Paper2Agent-scglue-mcp / src /tools /preprocessing_implementation_log.md
Dylan Mann-Krzisnik
Fix repo layout / Dockerfile paths
5c47821
# Implementation Log: GLUE Preprocessing Tools
**Tutorial Source**: `gao-lab/GLUE/blob/master/docs/preprocessing.ipynb`
**Implementation Date**: 2026-02-14
**Output File**: `src/tools/preprocessing.py`
## Tool Design Decisions
### Tools Extracted (3 tools)
1. **glue_preprocess_scrna**
- **Section**: "Preprocess scRNA-seq data"
- **Rationale**: Complete preprocessing workflow for scRNA-seq data including HVG selection, normalization, scaling, PCA, and UMAP visualization
- **Classification**: Applicable to New Data - performs standard scRNA-seq preprocessing on any raw count matrix
- **Parameters Preserved**: `n_top_genes=2000`, `flavor="seurat_v3"`, `n_comps=100`, `svd_solver="auto"` all explicitly set in tutorial
- **Parameters Parameterized**: `color_var="cell_type"` is tutorial-specific and must be configurable for user datasets
2. **glue_preprocess_scatac**
- **Section**: "Preprocess scATAC-seq data"
- **Rationale**: Complete preprocessing workflow for scATAC-seq data using LSI dimension reduction and UMAP visualization
- **Classification**: Applicable to New Data - performs standard scATAC-seq preprocessing on any raw accessibility matrix
- **Parameters Preserved**: `n_components=100`, `n_iter=15` explicitly set in tutorial
- **Parameters Parameterized**: `color_var="cell_type"` is tutorial-specific and must be configurable for user datasets
3. **glue_construct_regulatory_graph**
- **Section**: "Construct prior regulatory graph"
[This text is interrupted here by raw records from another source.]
(* Distinct points of a [phi]-fiber are proximal, so [phi] is injective on a
   nonproximal family. *)
Lemma coincidence_rank_at_le_fiber_card (x0 : Xeq) (y : Yeq) :
  (coincidence_rank_at actX piX x0 <= card_e R (piY @^-1` [set y]))%E.
Proof.
case: HX => _ cX; case: Hphi => [[_ phis _] phiprox].
case: HXeq => [[hXe _] _ _ piXf _]; case: HYeq => [_ _ _ [_ piYs _] _].
have [theta theta_piX] := piY_phi_factors_through_piX.
have [x1 phi_x1] : exists x1, piY (phi x1) = y.
  by have [y1 <-] := piYs y; have [x1 <-] := phis y1; exists x1.
apply: ge_ereal_sup => _ [n [xs hxs] <-].
have [zs [hzs hnz]] :=
  nonproximal_fiber_transfer hXe cX HactX Hmin piXf x0 (piX x1) _ xs hxs.
apply: (card_e_ge_injective (f := fun i => phi (zs i))).
- move=> i j /phiprox pij; apply/eqP; apply: contraT => ij.
  by case: (hnz i j ij pij).
- by move=> i; rewrite /preimage /= -theta_piX hzs theta_piX phi_x1.
Qed.

End ProximalExtension.

Theorem lemma3p2 (R : realType) (G : topologicalType)
  (mul : G -> G -> G) (inv : G -> G) (one : G)
  (HG : topological_group mul inv one) (HGlc : locally_compact [set: G])
  (X Y : pseudoMetricType R) (HX : compact_metric_space X)
  (HY : compact_metric_space Y)
  (actX : G -> X -> X) (actY : G -> Y -> Y)
  (HactX : continuous_action mul one actX) (HactY : continuous_action mul one actY)
  (Hmin : minimal_action actX)
  (phi : X -> Y) (Hphi : proximal_factor_map actX actY phi)
  (Xeq : pseudoMetricType R) (actXeq : G -> Xeq -> Xeq) (piX : X -> Xeq)
  (HXeq : max_equicontinuous_factor mul one actX actXeq piX)
  (Yeq : pseudoMetricType R) (actYeq : G -> Yeq -> Yeq) (piY : Y -> Yeq)
  (HYeq : max_equicontinuous_factor mul one actY actYeq piY) :
  forall (x0 : Xeq) (y0 : Yeq),
    (coincidence_rank_at actY piY y0 <= coincidence_rank_at actX piX x0)%E /\
    (coincidence_rank_at actX piX x0 <= min_rank piY)%E.
Proof.
move=> x0 y0; case: HG => _ _ _ [linv _] _; case: HY => hY _.
split.
  exact: coincidence_rank_at_factor_le linv HX hY HactX Hmin Hphi HXeq HYeq x0 y0.
apply: le_ereal_inf_tmp => _ [y _ <-].
exact: coincidence_rank_at_le_fiber_card HX HactX Hmin Hphi HXeq HYeq x0 y.
Qed.
Lemma rho_bin_poiss_eq n p : (0 < n)%nat -> 0 <= p < 1 ->
  rho_bin_poiss n p = Finite (lik_max n p).
Proof.
  intros Hn Hp.
  assert (Hl : 0 <= INR n * p) by (apply Rmult_le_pos; [apply pos_INR | lra]).
  apply lub_ratio_eq.
  - intros A. apply binom_prob_nonneg. lra.
  - intros A. now apply poiss_prob_nonneg.
  - intros A. unfold binom_prob.
    eapply Rle_trans; [|apply Rmult_le_compat_l;
      [left; apply lik_max_pos; lia || lra | apply (poiss_prob_ge_partial _ A n Hl)]].
    rewrite scal_sum. apply sum_Rle. intros k Hk. destruct (A k); [|lra].
    rewrite binom_pmf_eq, Rmult_comm by (lia || lra).
    apply Rmult_le_compat_l; [now apply poiss_pmf_nonneg|].
    apply (max_upto_ge (fun j => lik_ratio n j p)). exact Hk.
  - assert (Hmode : exists i, (i <= n)%nat /\ lik_max n p = lik_ratio n i p
                              /\ 0 < poiss_pmf (INR n * p) i).
    { destruct (Req_dec p 0) as [->|Hp0].
      (* Poiss(0) only charges [0], so at [p = 0] the maximiser must be [0]. *)
      - exists O. split; [lia|]. split.
        + apply lik_max_mode; simpl; lia || lra.
        + unfold poiss_pmf. simpl. rewrite Rmult_0_r, Ropp_0, exp_0. lra.
      - destruct (max_upto_attained (fun j => lik_ratio n j p) n) as [i [Hi E]].
        exists i. split; [exact Hi|]. split; [exact E|].
        apply poiss_pmf_pos, Rmult_lt_0_compat; [apply lt_0_INR | ]; lia || lra. }
    destruct Hmode as [i [Hi [E Hpos]]].
    exists (fun k => Nat.eqb k i).
    rewrite binom_prob_singleton, poiss_prob_singleton, binom_pmf_eq, E by (lia || lra).
    split; [exact Hpos | reflexivity].
Qed.

Lemma Lambda_eq n p : (0 < n)%nat -> 0 <= p < 1 -> Lambda n p = ln (lik_max n p).
Proof. intros Hn Hp. unfold Lambda. now rewrite rho_bin_poiss_eq. Qed.

Lemma Lambda_mode n k x : (0 < n)%nat -> (k <= n)%nat -> 0 <= x < 1 ->
  INR k - 1 <= INR n * x <= INR k -> Lambda n x = ln (lik_ratio n k x).
Proof. intros Hn Hk Hx Hkx. now rewrite Lambda_eq, (lik_max_mode n k). Qed.

Lemma Lambda_0 n : (0 < n)%nat -> Lambda n 0 = 0.
Proof.
  intros Hn. rewrite (Lambda_mode n 0) by (simpl; lia || lra).
  unfold lik_ratio, fact_ratio. rewrite !Nat.sub_0_r, Nat.sub_diag, Rmult_0_r, exp_0, Rminus_0_r, pow1.
  simpl. rewrite <- ln_1. f_equal. field. apply INR_fact_neq_0.
Qed.

Lemma Lambda_continuous n p : (0 < n)%nat -> 0 <= p < 1 ->
  filterlim (Lambda n) (within (fun x => 0 <= x < 1) (locally p)) (locally (Lambda n p)).
Proof.
  intros Hn Hp. rewrite Lambda_eq by assumption.
  apply (filterlim_ext_loc (fun x => ln (lik_max n x))).
  - unfold within. apply filter_forall. intros x Hx. symmetry. now apply Lambda_eq.
  - apply (filterlim_filter_le_1 (F := locally p)); [apply filter_le_within|].
    apply (continuous_comp (lik_max n) ln); [apply continuous_lik_max|].
    apply continuous_ln, lik_max_pos; lia || lra.
Qed.

Lemma ln_lik_ratio_lt n k x y : (0 < n)%nat -> (k <= n)%nat -> 0 <= x -> x < y -> y < 1 ->
  INR n * y <= INR k -> ln (lik_ratio n k x) < ln (lik_ratio n k y).
Proof.
  intros Hn Hk Hx Hxy Hy Hyk.
  rewrite !ln_lik_ratio, minus_INR by (lia || lra).
  apply (derive_pos_lt (fun t => ln (fact_ratio n (n - k)) + INR n * t + (INR n - INR k) * ln (1 - t))
                       (fun t => (INR k - INR n * t) / (1 - t))); [lra| |].
  - intros t Ht. auto_derive; [lra|]. field. lra.
  - intros t Ht. apply Rdiv_lt_0_compat; [|lra].
    assert (INR n * t < INR n * y) by (apply Rmult_lt_compat_l; [apply lt_0_INR | ]; lia || lra).
    lra.
Qed.

Lemma Lambda_lt_below n k : (0 < n)%nat -> (k <= n)%nat ->
  forall p q, 0 <= p -> p < q -> q < 1 -> INR n * q <= INR k -> Lambda n p < Lambda n q.
Proof.
  intros Hn. assert (HN : 0 < INR n) by (apply lt_0_INR; lia).
  induction k as [|k IH]; intros Hk p q Hp Hpq Hq Hqk; [simpl in Hqk; nra|].
  destruct (Rle_dec (INR n * q) (INR k)) as [Hqk'|Hqk']; [apply IH; auto; lia|].
  rewrite S_INR in Hqk.
  rewrite (Lambda_mode n (S k) q) by (rewrite ?S_INR; lia || lra).
  destruct (Rle_dec (INR k) (INR n * p)) as [Hkp|Hkp].
  - rewrite (Lambda_mode n (S k) p) by (rewrite ?S_INR; lia || nra).
    apply ln_lik_ratio_lt; rewrite ?S_INR; lia || lra.
  - set (r := INR k / INR n).
    assert (Hr : INR n * r = INR k) by (unfold r; field; lra).
    assert (0 <= r) by (unfold r; apply Rdiv_le_0_compat; [apply pos_INR | lra]).
    assert (p < r < q) by (split; nra).
    apply Rlt_trans with (Lambda n r); [apply IH; lia || lra|].
    rewrite (Lambda_mode n (S k) r) by (rewrite ?S_INR; lia || lra).
    apply ln_lik_ratio_lt; rewrite ?S_INR; lia || lra.
Qed.

Lemma Lambda_lt n p q : (0 < n)%nat -> 0 <= p -> p < q -> q < 1 -> Lambda n p < Lambda n q.
Proof.
  intros Hn Hp Hpq Hq. apply (Lambda_lt_below n n); auto.
  assert (0 < INR n) by (apply lt_0_INR; lia). nra.
Qed.

Lemma Lambda_half_ln_eq_succ n k p : (1 <= k <= n)%nat -> 0 <= p < 1 ->
  INR k - 1 <= INR n * p <= INR k ->
  Lambda n p + ln (1 - p) / 2
  = (INR (n - k) + / 2) * ln (INR n * (1 - p) / (INR (n - k) + 1))
    + (INR (n - k) + 1 - INR n * (1 - p)) - defect_sum (S (n - k)) (k - 1).
Proof.
  intros Hk Hp Hkp.
  assert (HN : 0 < INR n) by (apply lt_0_INR; lia).
  pose proof (pos_INR (n - k)).
  pose proof (fact_ratio_pos n (S (n - k)) ltac:(lia)).
  rewrite (Lambda_mode n k p), ln_lik_ratio by (lia || lra).
  rewrite fact_ratio_succ, ln_div, ln_mult, ln_fact_ratio by (lia || nra).
  rewrite ln_div, ln_mult by (try apply Rmult_lt_0_compat; lra).
  replace (n - S (n - k))%nat with (k - 1)%nat by lia.
  rewrite (minus_INR k 1), (S_INR (n - k)) by lia. change (INR 1) with 1.
  replace (INR k) with (INR n - INR (n - k)) by (rewrite minus_INR by lia; ring).
  field.
Qed.

Lemma Lambda_half_ln_eq n k p : (1 <= k)%nat -> (k < n)%nat -> 0 <= p < 1 ->
  INR k - 1 <= INR n * p <= INR k ->
  Lambda n p + ln (1 - p) / 2
  = (INR (n - k) + / 2) * ln (INR n * (1 - p) / INR (n - k))
    + (INR (n - k) - INR n * (1 - p)) - defect_sum (n - k) k.
Proof.
  intros Hk1 Hkn Hp Hkp.
  assert (HN : 0 < INR n) by (apply lt_0_INR; lia).
  assert (HM : 0 < INR (n - k)) by (apply lt_0_INR; lia).
  rewrite (Lambda_mode n k p), ln_lik_ratio, ln_fact_ratio by (lia || lra).
  rewrite ln_div, ln_mult by (try apply Rmult_lt_0_compat; lra).
  replace (n - (n - k))%nat with k by lia.
  replace (INR k) with (INR n - INR (n - k)) by (rewrite minus_INR by lia; ring).
  field.
Qed.

Lemma Lambda_lt_neg_ln n k p : (1 <= k <= n)%nat -> 0 <= p < 1 ->
  INR k - 1 < INR n * p <= INR k -> Lambda n p < - ln (1 - p).
Proof.
  intros Hk Hp Hkp.
  assert (HN : 0 < INR n) by (apply lt_0_INR; lia).
  assert (HK : 1 <= INR k) by (apply (le_INR 1); lia).
  pose proof (Lambda_half_ln_eq_succ n k p Hk Hp ltac:(lra)) as Hid.
  pose proof (minus_INR n k ltac:(lia)) as Hm. pose proof (pos_INR (n - k)) as Hm0.
  set (m := INR (n - k)) in *. set (u := INR n * (1 - p)) in *.
  assert (Hu : 0 < u) by (apply Rmult_lt_0_compat; lra).
  assert (Hsplit : ln (1 - p) = ln (u / (m + 1)) + ln ((m + 1) / INR n)).
  { rewrite <- ln_div_split by lra. f_equal. unfold u. field. lra. }
  assert (Hle1 : ln ((m + 1) / INR n) <= 0).
  { rewrite <- ln_1. apply ln_le; [apply Rdiv_lt_0_compat; lra|].
    apply Rle_div_l; lra. }
  pose proof (mul_ln_div_lt (m + 1) u ltac:(lra) Hu ltac:(unfold u; lra)) as Hgap.
  pose proof (defect_sum_nonneg (S (n - k)) (k - 1) ltac:(lia)).
  lra.
Qed.

Lemma Lambda_lt_neg_half_ln n k p : (1 <= k)%nat -> (k < n)%nat -> 0 <= p < 1 ->
  INR k - 1 <= INR n * p <= INR k -> Lambda n p < - / 2 * ln (1 - INR k / INR n).
Proof.
  intros Hk1 Hkn Hp Hkp.
  assert (HN : 0 < INR n) by (apply lt_0_INR; lia).
  pose proof (Lambda_half_ln_eq n k p Hk1 Hkn Hp Hkp) as Hid.
  assert (HM : 0 < INR (n - k)) by (apply lt_0_INR; lia).
  replace (1 - INR k / INR n) with (INR (n - k) / INR n) by (rewrite minus_INR by lia; field; lra).
  set (m := INR (n - k)) in *. set (u := INR n * (1 - p)) in *.
  assert (Hu : 0 < u) by (apply Rmult_lt_0_compat; lra).
  assert (Hsplit : ln (1 - p) = ln (u / m) + ln (m / INR n)).
  { rewrite <- ln_div_split by lra. f_equal. unfold u. field. lra. }
  pose proof (mul_ln_div_le m u HM Hu) as Hgap.
  pose proof (defect_sum_pos (n - k) k ltac:(lia) ltac:(lia)).
  lra.
Qed.

Lemma Lambda_half_ln_lt n k p : (1 <= k <= n)%nat -> 0 <= p < 1 ->
  INR k - 1 <= INR n * p <= INR k ->
  Lambda n p + ln (1 - p) / 2
    < - (INR k - 1) / (12 * INR n * (INR n - INR k + 1)) + / (8 * (INR n - INR k) + 6).
Proof.
  intros Hk Hp Hkp.
  assert (HN : 0 < INR n) by (apply lt_0_INR; lia).
  rewrite (Lambda_half_ln_eq_succ n k p Hk Hp Hkp).
  pose proof (half_sub_mid_mul_ln_lt (n - k)) as Hnum.
  pose proof (defect_sum_ge (S (n - k)) (k - 1) ltac:(lia)) as Hsum.
  replace (S (n - k) + (k - 1))%nat with n in Hsum by lia. rewrite S_INR in Hsum.
  replace (INR k) with (INR n - INR (n - k)) by (rewrite minus_INR by lia; ring).
  pose proof (pos_INR (n - k)) as Hm0.
  set (m := INR (n - k)) in *. set (u := INR n * (1 - p)) in *.
  assert (Hu : 0 < u) by (apply Rmult_lt_0_compat; lra).
  assert (Hsplit : ln (u / (m + 1)) = ln (u / (m + / 2)) - ln (1 + / (2 * m + 1))).
  { rewrite (ln_div_split u (m + / 2)) by lra.
    replace ((m + / 2) / (m + 1)) with (/ (1 + / (2 * m + 1))) by (field; lra).
    rewrite ln_Rinv by (apply Rplus_lt_0_compat; [lra | apply Rinv_0_lt_compat; lra]). ring. }
  pose proof (mul_ln_div_le (m + / 2) u ltac:(lra) Hu) as Hgap.
  assert (0 < / (320 * INR n ^ 3)) by (apply Rinv_0_lt_compat, Rmult_lt_0_compat; [lra | apply pow_lt; lra]).
  replace (- (INR n - m - 1) / (12 * INR n * (INR n - (INR n - m) + 1)) + / (8 * (INR n - (INR n - m)) + 6))
    with (- / (12 * (m + 1)) + / (12 * INR n) + / (8 * m + 6)) by (field; lra).
  rewrite Hsplit. lra.
Qed.
Lemma Derive_reflect (f : R -> R) a b x :
  ex_derive f (a - x) -> Derive (fun y => f (a - y) + b) x = - Derive f (a - x).
Proof.
  intros Hf; apply is_derive_unique.
  auto_derive; auto.
  change (fun y => f y) with f; unfold Rminus; ring.
Qed.

Lemma is_derive_sub_ln_at_one (u : R -> R) x :
  ex_derive u x -> u x = 1 -> is_derive (fun t => u t - 1 - ln (u t)) x 0.
Proof. intros Hu Hu1; auto_derive; [repeat split; auto; lra | rewrite Hu1; field]. Qed.

Definition ex_derive_C (z : R -> C) x :=
  ex_derive (fun t => Re (z t)) x /\ ex_derive (fun t => Im (z t)) x.

Lemma ex_derive_C_sumC n (Z : nat -> R -> C) x :
  (forall j, (j < n)%nat -> ex_derive_C (Z j) x) ->
  ex_derive_C (fun t => sumC n (fun j => Z j t)) x.
Proof.
  induction n as [|n IH]; intros HZ; simpl.
  - split; apply ex_derive_const.
  - destruct (IH (fun j Hj => HZ j ltac:(lia))) as [Hre Him].
    destruct (HZ n ltac:(lia)) as [Hre' Him'].
    unfold Cplus, Re, Im in *; split; simpl; ex_derive_poly; auto.
Qed.

Lemma ex_derive_C_mult_l c (z : R -> C) x :
  ex_derive_C z x -> ex_derive_C (fun t => Cmult c (z t)) x.
Proof.
  intros [Hre Him]; unfold Cmult, Re, Im in *; split; simpl; ex_derive_poly; auto.
Qed.

Lemma ex_derive_normsq (z : R -> C) x :
  ex_derive_C z x -> ex_derive (fun t => normsq (z t)) x.
Proof.
  intros [Hre Him]; unfold normsq.
  apply (ex_derive_plus (fun t => Re (z t) ^ 2) (fun t => Im (z t) ^ 2));
    apply ex_derive_pow; auto.
Qed.

Lemma pertP_0 P m k : pertP P m k (0, 0) = P.
Proof.
  apply functional_extensionality; intro m'; apply functional_extensionality; intro k'.
  unfold pertP; destruct (andb _ _); auto.
  destruct (P m' k'); unfold Cplus; simpl; f_equal; ring.
Qed.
- **Rationale**: Constructs prior regulatory graph linking RNA and ATAC features via genomic proximity
- **Classification**: Applicable to New Data - essential for GLUE model training with any paired RNA-ATAC datasets
- **Parameters Preserved**: `gtf_by="gene_name"` as tutorial default
- **Input Requirements**: Requires GTF annotation file which users must provide for their organism
### Tools Excluded (1 tool)
1. **glue_read_paired_data** (initially present, removed in revision)
- **Section**: "Read data"
- **Rationale for Exclusion**: Only loads tutorial example data with no analytical transformation
- **Classification**: NOT Applicable to New Data - data loading is trivial and should be handled by users
## Parameter Design Rationale
### Primary Data Inputs
- All tools use **file paths** as primary inputs (h5ad format for AnnData objects)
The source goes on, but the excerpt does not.